Exercise details :: Write out nothing except the lines running from the one containing "identity, and Omega_n" to the last line of the data, exactly as they stand.

** Exercise data follows **

(* In the setting described in the context, let $\varepsilon\in(0,1)$, $\Omega_n=((1-\varepsilon)\Sigma_n+\varepsilon I)^{-1}$, $\mathbf c=\mathrm{vec}(\mathbf C^\top)$, and define the $n^2\times n^2$ matrix $$\widetilde\Omega_n=\frac1\varepsilon\mathbf I_{n^2}-\frac{1-\varepsilon}{\varepsilon}\mathbf T\big(\varepsilon\mathbf I_{2n+4}+(1-\varepsilon)\mathbf U^\top\mathbf T\big)^{-1}\mathbf U^\top.$$ Then $\Omega_n(\bar\psi_n)=\sum_{i,j}b_{ij}\Lambda_{x_i,y_j}$, where the coefficients $b_{ij}$ form a matrix $\mathbf B\in\mathbb{R}^{n\times n}$ satisfying $\mathbf b^\top:=[\mathrm{vec}(\mathbf B^\top)]^\top=\mathbf c^\top\widetilde\Omega_n$.
   Context: $k,\ell$ bounded kernels on $\mathcal{X},\mathcal{Y}$ with feature maps $K_x,L_y$; $\mathcal{H}=\mathcal{H}_\mathcal{X}\otimes\mathcal{H}_\mathcal{Y}$ real separable tensor-product RKHS with feature map $\Lambda_{x,y}=K_x\otimes L_y$. Data $z_i=(x_i,a_i,y_i)$, $i\in[n]$; $[n]$ partitioned into folds $\mathcal{I}^1,\mathcal{I}^2$ of sizes $n_1,n_2$; $s(i)$ the fold containing $i$, $r(i)=3-s(i)$. For $r\in\{1,2\}$: $\pi^r_n:\mathcal{X}\to(0,1)$, $\theta^r_{n,a}(x)=\sum_j[\boldsymbol\beta^r_a(x)]_j\Lambda_{x,y_j}$ with $[\boldsymbol\beta^r_a(x)]_j=0$ if $j\notin\mathcal{I}^r$ or $a_j\ne a$; $w_i=\pi^{r(i)}_n(x_i)$. With $s=3-r$: $\psi^r_n=\frac1{n_s}\sum_{i\in\mathcal{I}^s}[\theta^r_{n,1}(x_i)-\theta^r_{n,0}(x_i)]$; $\phi^r_n(z)=(\frac{a}{\pi^r_n(x)}-\frac{1-a}{1-\pi^r_n(x)})(\Lambda_{x,y}-\theta^r_{n,a}(x))+\theta^r_{n,1}(x)-\theta^r_{n,0}(x)-\psi^r_n$; $\bar\psi_n=\frac12\sum_r(\psi^r_n+\frac1{n_s}\sum_{i\in\mathcal{I}^s}\phi^r_n(z_i))$; $\Sigma_n(h)=\frac12\sum_r\frac1{n_s}\sum_{i\in\mathcal{I}^s}\langle\phi^r_n(z_i),h\rangle_{\mathcal{H}}\phi^r_n(z_i)$. Matrices: $[\mathbf K]_{ij}=k(x_i,x_j)$, $[\mathbf L]_{ij}=\ell(y_i,y_j)$, $\mathbf G=\mathbf K\otimes\mathbf L$. $\mathbf C$: $[\mathbf C]_{ii}=\frac1{2n_{s(i)}}(\frac{a_i}{w_i}-\frac{1-a_i}{1-w_i})$, and for $j\ne i$, $[\mathbf C]_{ij}=\frac1{2n_{s(i)}}[(1-\frac{a_i}{w_i})[\boldsymbol\beta^{r(i)}_1(x_i)]_j+(\frac{1-a_i}{1-w_i}-1)[\boldsymbol\beta^{r(i)}_0(x_i)]_j]$. $\mathbf E$: $[\mathbf E]_{ii}=0$, and for $j\ne i$, $[\mathbf E]_{ij}=\frac1{2n_{s(i)}}([\boldsymbol\beta^{r(i)}_1(x_i)]_j-[\boldsymbol\beta^{r(i)}_0(x_i)]_j)$. For $s\in\{1,2\}$: $[\mathbf D^s]_{ij}=\mathbf 1\{i\in\mathcal{I}^s\}\sqrt{2n_s}[\mathbf C]_{ij}$, $[\mathbf V^s]_{ij}=\mathbf 1\{i\in\mathcal{I}^s\}\sqrt{2/n_s}[\mathbf E]_{ij}$, $\mathbf W^s=\mathbf D^s-n_s\mathbf V^s$; $\mathbf d^s,\mathbf v^s,\mathbf w^s$ their row-wise vectorizations $\mathrm{vec}(\mathbf M^\top)\in\mathbb{R}^{n^2}$; $\mathbf S^s=(\mathbf I_n\bullet\mathbf D^s)^\top$, where the $i$-th row of the face-splitting product $\mathbf A\bullet\mathbf B$ is $\mathbf A_{i,:}\otimes\mathbf B_{i,:}$. $\mathbf T=[\mathbf G\mathbf S^1,\mathbf G\mathbf S^2,\mathbf G\mathbf v^1,\mathbf G\mathbf v^2,\mathbf G\mathbf w^1,\mathbf G\mathbf w^2]$, $\mathbf U=[\mathbf S^1,\mathbf S^2,-\mathbf d^1,-\mathbf d^2,-\mathbf v^1,-\mathbf v^2]\in\mathbb{R}^{n^2\times(2n+4)}$. *)

From mathcomp Require Import all_boot all_order all_algebra.
Set Implicit Arguments. Unset Strict Implicit. Unset Printing Implicit Defensive.
Import Order.TTheory GRing.Theory Num.Theory.
Local Open Scope ring_scope.

(* decode an index of 'I_(m*n) into the pair (i,j) with p = i*n + j
   (inverse of mxvec_index; mxvec is the ROW-WISE vectorization vec(M^T)). *)
Definition unvec (m n : nat) (p : 'I_(m * n)) : 'I_m * 'I_n :=
  enum_val (cast_ord (esym (@mxvec_cast m n)) p).

(* row-wise vectorization vec(M^T), as a column vector in R^{m n} *)
Definition vecr (R : Type) (m n : nat) (M : 'M[R]_(m, n)) : 'cV[R]_(m * n) :=
  (mxvec M)^T.

Definition kron (R : pzRingType) (m1 n1 m2 n2 : nat)
  (A : 'M[R]_(m1, n1)) (B : 'M[R]_(m2, n2)) : 'M[R]_(m1 * m2, n1 * n2) :=
  \matrix_(p, q) (A (unvec p).1 (unvec q).1 * B (unvec p).2 (unvec q).2).

Definition facesplit (R : pzRingType) (m n1 n2 : nat)
  (A : 'M[R]_(m, n1)) (B : 'M[R]_(m, n2)) : 'M[R]_(m, n1 * n2) :=
  \matrix_(i, q) (A i (unvec q).1 * B i (unvec q).2).

(* Folds are indexed by 'I_2: fold 0 = I^1, fold 1 = I^2. *)
Record data (R : Type) (X Y : Type) (n : nat) := Data {
  xs : 'I_n -> X;
  as_ : 'I_n -> bool;
  ys : 'I_n -> Y;
  fold : 'I_n -> 'I_2;
  pihat : 'I_2 -> X -> R;
  beta : 'I_2 -> bool -> X -> 'I_n -> R
}.

Definition oth (t : 'I_2) : 'I_2 := if t == ord0 then ord_max else ord0.


Definition nfold (R : Type) (X Y : Type) (n : nat) (D : data R X Y n) (t : 'I_2) : nat :=
  #|[set i | fold D i == t]|.

Definition rfold (R : Type) (X Y : Type) (n : nat) (D : data R X Y n) (i : 'I_n) : 'I_2 :=
  oth (fold D i).

Definition wi (R : Type) (X Y : Type) (n : nat) (D : data R X Y n) (i : 'I_n) : R :=
  pihat D (rfold D i) (xs D i).

Definition bR (R : pzRingType) (b : bool) : R := (b : nat)%:R.

Definition Cmx (R : fieldType) X Y n (D : data R X Y n) : 'M[R]_n :=
  \matrix_(i, j)
    ((2 * (nfold D (fold D i))%:R)^-1 *
     (if i == j then bR R (as_ D i) / wi D i - (1 - bR R (as_ D i)) / (1 - wi D i)
      else (1 - bR R (as_ D i) / wi D i) * beta D (rfold D i) true (xs D i) j
         + ((1 - bR R (as_ D i)) / (1 - wi D i) - 1)
             * beta D (rfold D i) false (xs D i) j)).

Definition Emx (R : fieldType) X Y n (D : data R X Y n) : 'M[R]_n :=
  \matrix_(i, j)
    (if i == j then 0
     else (2 * (nfold D (fold D i))%:R)^-1 *
          (beta D (rfold D i) true (xs D i) j - beta D (rfold D i) false (xs D i) j)).

Definition Dmx (R : rcfType) X Y n (D : data R X Y n) (s : 'I_2) : 'M[R]_n :=
  \matrix_(i, j) (bR R (fold D i == s) * Num.sqrt (2 * (nfold D s)%:R) * Cmx D i j).

Definition Vmx (R : rcfType) X Y n (D : data R X Y n) (s : 'I_2) : 'M[R]_n :=
  \matrix_(i, j) (bR R (fold D i == s) * Num.sqrt (2 / (nfold D s)%:R) * Emx D i j).

Definition Wmx (R : rcfType) X Y n (D : data R X Y n) (s : 'I_2) : 'M[R]_n :=
  Dmx D s - (nfold D s)%:R *: Vmx D s.

Definition Smx (R : rcfType) X Y n (D : data R X Y n) (s : 'I_2) : 'M[R]_(n * n, n) :=
  (facesplit 1%:M (Dmx D s))^T.

Definition Kmx (R : Type) X Y n (k : X -> X -> R) (D : data R X Y n) : 'M[R]_n :=
  \matrix_(i, j) k (xs D i) (xs D j).

Definition Lmx (R : Type) X Y n (l : Y -> Y -> R) (D : data R X Y n) : 'M[R]_n :=
  \matrix_(i, j) l (ys D i) (ys D j).

Definition Gmx (R : pzRingType) X Y n (k : X -> X -> R) (l : Y -> Y -> R)
  (D : data R X Y n) : 'M[R]_(n * n) := kron (Kmx k D) (Lmx l D).

Definition s1 : 'I_2 := ord0.
Definition s2 : 'I_2 := ord_max.

Definition Tmx (R : rcfType) X Y n k l (D : data R X Y n)
  : 'M[R]_(n * n, n + (n + (1 + (1 + (1 + 1))))) :=
  let G := Gmx k l D in
  row_mx (G *m Smx D s1) (row_mx (G *m Smx D s2)
   (row_mx (G *m vecr (Vmx D s1)) (row_mx (G *m vecr (Vmx D s2))
    (row_mx (G *m vecr (Wmx D s1)) (G *m vecr (Wmx D s2)))))).

Definition Umx (R : rcfType) X Y n (D : data R X Y n)
  : 'M[R]_(n * n, n + (n + (1 + (1 + (1 + 1))))) :=
  row_mx (Smx D s1) (row_mx (Smx D s2)
   (row_mx (- vecr (Dmx D s1)) (row_mx (- vecr (Dmx D s2))
    (row_mx (- vecr (Vmx D s1)) (- vecr (Vmx D s2)))))).

Definition Mid (R : rcfType) X Y n k l (D : data R X Y n) (eps : R) :=
  eps%:M + (1 - eps) *: ((Umx D)^T *m Tmx k l D).

Definition Omt (R : rcfType) X Y n k l (D : data R X Y n) (eps : R) : 'M[R]_(n * n) :=
  eps^-1 *: 1%:M
  - ((1 - eps) / eps) *: (Tmx k l D *m invmx (Mid k l D eps) *m (Umx D)^T).

Definition Bmx (R : rcfType) X Y n k l (D : data R X Y n) (eps : R) : 'M[R]_n :=
  vec_mx ((vecr (Cmx D))^T *m Omt k l D eps).

Definition theta (R : pzRingType) (V : lmodType R) X Y n (Lam : X -> Y -> V)
  (D : data R X Y n) (r : 'I_2) (a : bool) (x : X) : V :=
  \sum_(j < n) beta D r a x j *: Lam x (ys D j).

Definition psir (R : fieldType) (V : lmodType R) X Y n (Lam : X -> Y -> V)
  (D : data R X Y n) (r : 'I_2) : V :=
  ((nfold D (oth r))%:R)^-1 *:
    \sum_(i < n | fold D i == oth r)
       (theta Lam D r true (xs D i) - theta Lam D r false (xs D i)).

Definition phir (R : fieldType) (V : lmodType R) X Y n (Lam : X -> Y -> V)
  (D : data R X Y n) (r : 'I_2) (x : X) (a : bool) (y : Y) : V :=
  (bR R a / pihat D r x - (1 - bR R a) / (1 - pihat D r x)) *: (Lam x y - theta Lam D r a x)
  + theta Lam D r true x - theta Lam D r false x - psir Lam D r.

Definition phiri (R : fieldType) (V : lmodType R) X Y n (Lam : X -> Y -> V)
  (D : data R X Y n) (r : 'I_2) (i : 'I_n) : V :=
  phir Lam D r (xs D i) (as_ D i) (ys D i).

Definition psibar (R : fieldType) (V : lmodType R) X Y n (Lam : X -> Y -> V)
  (D : data R X Y n) : V :=
  2^-1 *: \sum_(r < 2)
    (psir Lam D r + ((nfold D (oth r))%:R)^-1 *:
        \sum_(i < n | fold D i == oth r) phiri Lam D r i).

Definition Sigman (R : fieldType) (V : lmodType R) X Y n (Lam : X -> Y -> V)
  (inner : V -> V -> R) (D : data R X Y n) (h : V) : V :=
  2^-1 *: \sum_(r < 2) (((nfold D (oth r))%:R)^-1 *:
    \sum_(i < n | fold D i == oth r) (inner (phiri Lam D r i) h *: phiri Lam D r i)).

(* The identity is linear algebra in coordinates.  Every vector involved is a
   combination featcomb b of the features Lambda_{x_p, y_q} with a coordinate
   row b in R^(n*n), and <featcomb p, featcomb b> = (b G p^T) 0 0.  In these
   coordinates psibar_n is c = vec(C^T), and phi^{r(i)}_n(z_i) is
   sqrt(2 n_{s(i)}) g_i with g_i = row i (I_n . D^{s(i)}) - vec(V^{s(i)}), so
   Sigma_n acts by b |-> b G (sum_i g_i^T g_i) = b T U^T.  Hence
   (1 - eps) Sigma_n + eps I acts by right multiplication with
   eps I + (1 - eps) T U^T, whose inverse is Omega-tilde_n by the Woodbury
   identity, and Omega_n psibar_n = featcomb (c Omega-tilde_n). *)

From HB Require Import structures.
From mathcomp Require Import all_boot all_order all_algebra.
From mathcomp Require Import ring.
Import Order.TTheory GRing.Theory Num.Theory.
Set Implicit Arguments. Unset Strict Implicit. Unset Printing Implicit Defensive.
Local Open Scope ring_scope.

Section Unvec.

Variables m n : nat.

Lemma mxvec_indexK (i : 'I_m) (j : 'I_n) : unvec (mxvec_index i j) = (i, j).
Proof. by rewrite /unvec /mxvec_index cast_ordK enum_rankK. Qed.

Lemma unvecK (a : 'I_(m * n)) : mxvec_index (unvec a).1 (unvec a).2 = a.
Proof. by rewrite /unvec /mxvec_index -surjective_pairing enum_valK cast_ordKV. Qed.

** End of Exercise data **

Written response ::
   identity, and Omega_n psibar_n = featcomb (c Omega-tilde_n). *)

From HB Require Import structures.
From mathcomp Require Import all_boot all_order all_algebra.
From mathcomp Require Import ring.
Import Order.TTheory GRing.Theory Num.Theory.
Set Implicit Arguments. Unset Strict Implicit. Unset Printing Implicit Defensive.
Local Open Scope ring_scope.

Section Unvec.

Variables m n : nat.

Lemma mxvec_indexK (i : 'I_m) (j : 'I_n) : unvec (mxvec_index i j) = (i, j).
Proof. by rewrite /unvec /mxvec_index cast_ordK enum_rankK. Qed.

Lemma unvecK (a : 'I_(m * n)) : mxvec_index (unvec a).1 (unvec a).2 = a.
Proof. by rewrite /unvec /mxvec_index -surjective_pairing enum_valK cast_ordKV. Qed.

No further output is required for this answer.